╭─ Given information
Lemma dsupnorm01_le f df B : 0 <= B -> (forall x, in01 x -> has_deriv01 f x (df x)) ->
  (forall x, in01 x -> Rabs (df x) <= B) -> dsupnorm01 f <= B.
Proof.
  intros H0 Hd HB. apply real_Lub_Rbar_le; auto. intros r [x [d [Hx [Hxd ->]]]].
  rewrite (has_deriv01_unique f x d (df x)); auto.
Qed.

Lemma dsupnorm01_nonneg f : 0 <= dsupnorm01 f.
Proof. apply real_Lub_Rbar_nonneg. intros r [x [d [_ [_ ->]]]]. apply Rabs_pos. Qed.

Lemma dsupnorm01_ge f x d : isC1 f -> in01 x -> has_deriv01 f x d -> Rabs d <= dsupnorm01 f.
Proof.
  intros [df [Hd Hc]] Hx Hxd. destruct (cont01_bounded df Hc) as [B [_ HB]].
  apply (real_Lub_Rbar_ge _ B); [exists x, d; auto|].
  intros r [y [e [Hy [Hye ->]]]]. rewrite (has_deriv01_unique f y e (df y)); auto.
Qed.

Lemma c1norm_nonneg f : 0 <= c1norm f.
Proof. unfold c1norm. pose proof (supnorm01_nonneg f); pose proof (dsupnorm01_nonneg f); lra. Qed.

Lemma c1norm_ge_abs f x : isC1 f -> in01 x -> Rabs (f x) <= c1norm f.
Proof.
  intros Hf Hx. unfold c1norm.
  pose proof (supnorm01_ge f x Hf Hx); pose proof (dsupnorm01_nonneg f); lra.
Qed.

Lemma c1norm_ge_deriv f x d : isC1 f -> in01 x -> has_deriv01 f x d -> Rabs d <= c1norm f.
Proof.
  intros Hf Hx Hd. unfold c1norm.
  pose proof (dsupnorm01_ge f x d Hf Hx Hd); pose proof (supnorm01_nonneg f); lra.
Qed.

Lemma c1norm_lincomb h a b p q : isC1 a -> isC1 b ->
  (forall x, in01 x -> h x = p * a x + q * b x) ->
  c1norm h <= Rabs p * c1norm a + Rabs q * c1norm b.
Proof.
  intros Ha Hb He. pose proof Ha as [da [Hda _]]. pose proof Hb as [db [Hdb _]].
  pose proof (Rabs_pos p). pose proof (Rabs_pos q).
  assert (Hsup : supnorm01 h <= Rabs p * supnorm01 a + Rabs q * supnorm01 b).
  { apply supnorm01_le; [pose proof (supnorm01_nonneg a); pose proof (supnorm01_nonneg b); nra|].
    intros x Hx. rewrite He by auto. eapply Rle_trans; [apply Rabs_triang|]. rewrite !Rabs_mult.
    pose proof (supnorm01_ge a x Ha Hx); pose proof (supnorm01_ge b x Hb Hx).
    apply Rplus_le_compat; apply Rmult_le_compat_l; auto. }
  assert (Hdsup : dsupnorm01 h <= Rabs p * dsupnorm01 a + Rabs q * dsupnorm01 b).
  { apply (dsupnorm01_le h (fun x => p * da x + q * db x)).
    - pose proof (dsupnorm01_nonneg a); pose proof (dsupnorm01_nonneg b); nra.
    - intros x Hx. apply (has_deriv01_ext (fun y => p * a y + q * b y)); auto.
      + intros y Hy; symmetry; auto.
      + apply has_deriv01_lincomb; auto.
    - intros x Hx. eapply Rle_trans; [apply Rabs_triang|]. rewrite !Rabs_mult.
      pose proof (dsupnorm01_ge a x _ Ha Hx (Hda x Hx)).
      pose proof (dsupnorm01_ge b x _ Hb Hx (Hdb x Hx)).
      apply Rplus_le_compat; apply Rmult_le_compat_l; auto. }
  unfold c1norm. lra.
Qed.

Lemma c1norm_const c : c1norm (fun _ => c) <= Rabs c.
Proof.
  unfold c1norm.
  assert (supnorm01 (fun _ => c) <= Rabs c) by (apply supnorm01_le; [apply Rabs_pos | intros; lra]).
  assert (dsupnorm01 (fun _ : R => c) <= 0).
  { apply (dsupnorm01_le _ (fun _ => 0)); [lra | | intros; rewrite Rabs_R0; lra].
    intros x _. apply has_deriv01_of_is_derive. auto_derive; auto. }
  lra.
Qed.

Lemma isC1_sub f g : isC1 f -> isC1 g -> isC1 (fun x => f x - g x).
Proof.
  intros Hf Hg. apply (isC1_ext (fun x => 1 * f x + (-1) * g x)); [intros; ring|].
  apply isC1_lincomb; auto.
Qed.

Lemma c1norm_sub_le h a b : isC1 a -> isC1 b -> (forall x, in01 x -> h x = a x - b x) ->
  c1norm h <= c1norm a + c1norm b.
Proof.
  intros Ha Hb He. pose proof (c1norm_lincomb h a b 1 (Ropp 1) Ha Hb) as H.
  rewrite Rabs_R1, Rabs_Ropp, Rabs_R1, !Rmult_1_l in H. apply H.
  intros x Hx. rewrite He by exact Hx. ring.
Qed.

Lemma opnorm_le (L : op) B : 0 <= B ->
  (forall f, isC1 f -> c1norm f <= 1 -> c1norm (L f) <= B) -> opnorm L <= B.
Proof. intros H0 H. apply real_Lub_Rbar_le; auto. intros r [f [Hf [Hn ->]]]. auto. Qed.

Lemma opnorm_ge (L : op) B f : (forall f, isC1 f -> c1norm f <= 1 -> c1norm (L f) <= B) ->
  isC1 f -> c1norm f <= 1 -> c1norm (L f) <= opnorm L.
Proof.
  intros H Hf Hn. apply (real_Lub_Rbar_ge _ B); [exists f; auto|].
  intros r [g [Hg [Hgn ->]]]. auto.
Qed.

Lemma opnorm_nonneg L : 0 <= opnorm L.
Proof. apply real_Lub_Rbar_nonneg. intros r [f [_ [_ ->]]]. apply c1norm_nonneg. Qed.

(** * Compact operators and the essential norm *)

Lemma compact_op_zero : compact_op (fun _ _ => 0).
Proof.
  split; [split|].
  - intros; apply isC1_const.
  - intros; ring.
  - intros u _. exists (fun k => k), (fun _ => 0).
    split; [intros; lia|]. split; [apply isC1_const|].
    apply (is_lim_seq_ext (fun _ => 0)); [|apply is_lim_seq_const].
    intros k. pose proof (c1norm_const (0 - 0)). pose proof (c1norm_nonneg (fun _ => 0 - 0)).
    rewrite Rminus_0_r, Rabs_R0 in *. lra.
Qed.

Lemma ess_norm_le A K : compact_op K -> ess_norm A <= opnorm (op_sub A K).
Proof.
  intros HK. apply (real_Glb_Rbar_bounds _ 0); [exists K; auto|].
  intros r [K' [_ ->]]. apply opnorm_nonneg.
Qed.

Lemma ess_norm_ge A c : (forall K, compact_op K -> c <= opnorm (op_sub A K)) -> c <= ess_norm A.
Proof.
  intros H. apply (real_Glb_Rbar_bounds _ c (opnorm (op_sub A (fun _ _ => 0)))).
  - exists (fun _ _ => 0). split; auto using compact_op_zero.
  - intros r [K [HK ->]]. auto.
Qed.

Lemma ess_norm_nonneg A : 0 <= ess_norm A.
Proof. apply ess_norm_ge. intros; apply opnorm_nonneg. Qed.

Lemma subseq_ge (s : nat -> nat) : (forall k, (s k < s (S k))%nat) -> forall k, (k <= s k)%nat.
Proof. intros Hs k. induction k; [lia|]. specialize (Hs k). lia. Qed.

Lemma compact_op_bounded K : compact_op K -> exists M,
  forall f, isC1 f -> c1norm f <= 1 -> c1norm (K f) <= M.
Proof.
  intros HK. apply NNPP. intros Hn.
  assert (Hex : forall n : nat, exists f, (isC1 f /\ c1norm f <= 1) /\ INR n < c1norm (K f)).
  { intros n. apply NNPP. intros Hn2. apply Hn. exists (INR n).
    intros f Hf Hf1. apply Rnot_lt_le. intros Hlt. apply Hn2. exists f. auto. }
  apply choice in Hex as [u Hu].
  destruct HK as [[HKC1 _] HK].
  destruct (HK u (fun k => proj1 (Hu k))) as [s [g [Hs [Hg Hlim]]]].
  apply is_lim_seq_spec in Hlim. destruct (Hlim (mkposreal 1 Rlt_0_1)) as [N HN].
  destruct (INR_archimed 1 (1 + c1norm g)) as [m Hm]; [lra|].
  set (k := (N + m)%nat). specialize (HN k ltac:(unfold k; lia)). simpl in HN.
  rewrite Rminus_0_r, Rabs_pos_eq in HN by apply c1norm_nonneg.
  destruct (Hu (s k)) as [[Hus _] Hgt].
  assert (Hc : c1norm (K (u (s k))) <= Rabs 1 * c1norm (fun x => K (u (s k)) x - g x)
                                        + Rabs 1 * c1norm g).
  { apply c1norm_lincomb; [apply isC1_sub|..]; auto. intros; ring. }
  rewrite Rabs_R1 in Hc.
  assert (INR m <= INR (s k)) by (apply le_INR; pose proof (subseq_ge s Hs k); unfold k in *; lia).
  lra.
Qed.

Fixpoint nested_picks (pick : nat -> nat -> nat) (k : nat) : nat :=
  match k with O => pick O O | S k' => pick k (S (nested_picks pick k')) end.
╰─
▶ [Your task]
Exactly as they stand, set down the lines from the top of the data through the line with "Hy; symmetry; auto.".

▶ [Written solution]
Lemma dsupnorm01_le f df B : 0 <= B -> (forall x, in01 x -> has_deriv01 f x (df x)) ->
  (forall x, in01 x -> Rabs (df x) <= B) -> dsupnorm01 f <= B.
Proof.
  intros H0 Hd HB. apply real_Lub_Rbar_le; auto. intros r [x [d [Hx [Hxd ->]]]].
  rewrite (has_deriv01_unique f x d (df x)); auto.
Qed.

Lemma dsupnorm01_nonneg f : 0 <= dsupnorm01 f.
Proof. apply real_Lub_Rbar_nonneg. intros r [x [d [_ [_ ->]]]]. apply Rabs_pos. Qed.

Lemma dsupnorm01_ge f x d : isC1 f -> in01 x -> has_deriv01 f x d -> Rabs d <= dsupnorm01 f.
Proof.
  intros [df [Hd Hc]] Hx Hxd. destruct (cont01_bounded df Hc) as [B [_ HB]].
  apply (real_Lub_Rbar_ge _ B); [exists x, d; auto|].
  intros r [y [e [Hy [Hye ->]]]]. rewrite (has_deriv01_unique f y e (df y)); auto.
Qed.

Lemma c1norm_nonneg f : 0 <= c1norm f.
Proof. unfold c1norm. pose proof (supnorm01_nonneg f); pose proof (dsupnorm01_nonneg f); lra. Qed.

Lemma c1norm_ge_abs f x : isC1 f -> in01 x -> Rabs (f x) <= c1norm f.
Proof.
  intros Hf Hx. unfold c1norm.
  pose proof (supnorm01_ge f x Hf Hx); pose proof (dsupnorm01_nonneg f); lra.
Qed.

Lemma c1norm_ge_deriv f x d : isC1 f -> in01 x -> has_deriv01 f x d -> Rabs d <= c1norm f.
Proof.
  intros Hf Hx Hd. unfold c1norm.
  pose proof (dsupnorm01_ge f x d Hf Hx Hd); pose proof (supnorm01_nonneg f); lra.
Qed.

Lemma c1norm_lincomb h a b p q : isC1 a -> isC1 b ->
  (forall x, in01 x -> h x = p * a x + q * b x) ->
  c1norm h <= Rabs p * c1norm a + Rabs q * c1norm b.
Proof.
  intros Ha Hb He. pose proof Ha as [da [Hda _]]. pose proof Hb as [db [Hdb _]].
  pose proof (Rabs_pos p). pose proof (Rabs_pos q).
  assert (Hsup : supnorm01 h <= Rabs p * supnorm01 a + Rabs q * supnorm01 b).
  { apply supnorm01_le; [pose proof (supnorm01_nonneg a); pose proof (supnorm01_nonneg b); nra|].
    intros x Hx. rewrite He by auto. eapply Rle_trans; [apply Rabs_triang|]. rewrite !Rabs_mult.
    pose proof (supnorm01_ge a x Ha Hx); pose proof (supnorm01_ge b x Hb Hx).
    apply Rplus_le_compat; apply Rmult_le_compat_l; auto. }
  assert (Hdsup : dsupnorm01 h <= Rabs p * dsupnorm01 a + Rabs q * dsupnorm01 b).
  { apply (dsupnorm01_le h (fun x => p * da x + q * db x)).
    - pose proof (dsupnorm01_nonneg a); pose proof (dsupnorm01_nonneg b); nra.
    - intros x Hx. apply (has_deriv01_ext (fun y => p * a y + q * b y)); auto.
      + intros y Hy; symmetry; auto.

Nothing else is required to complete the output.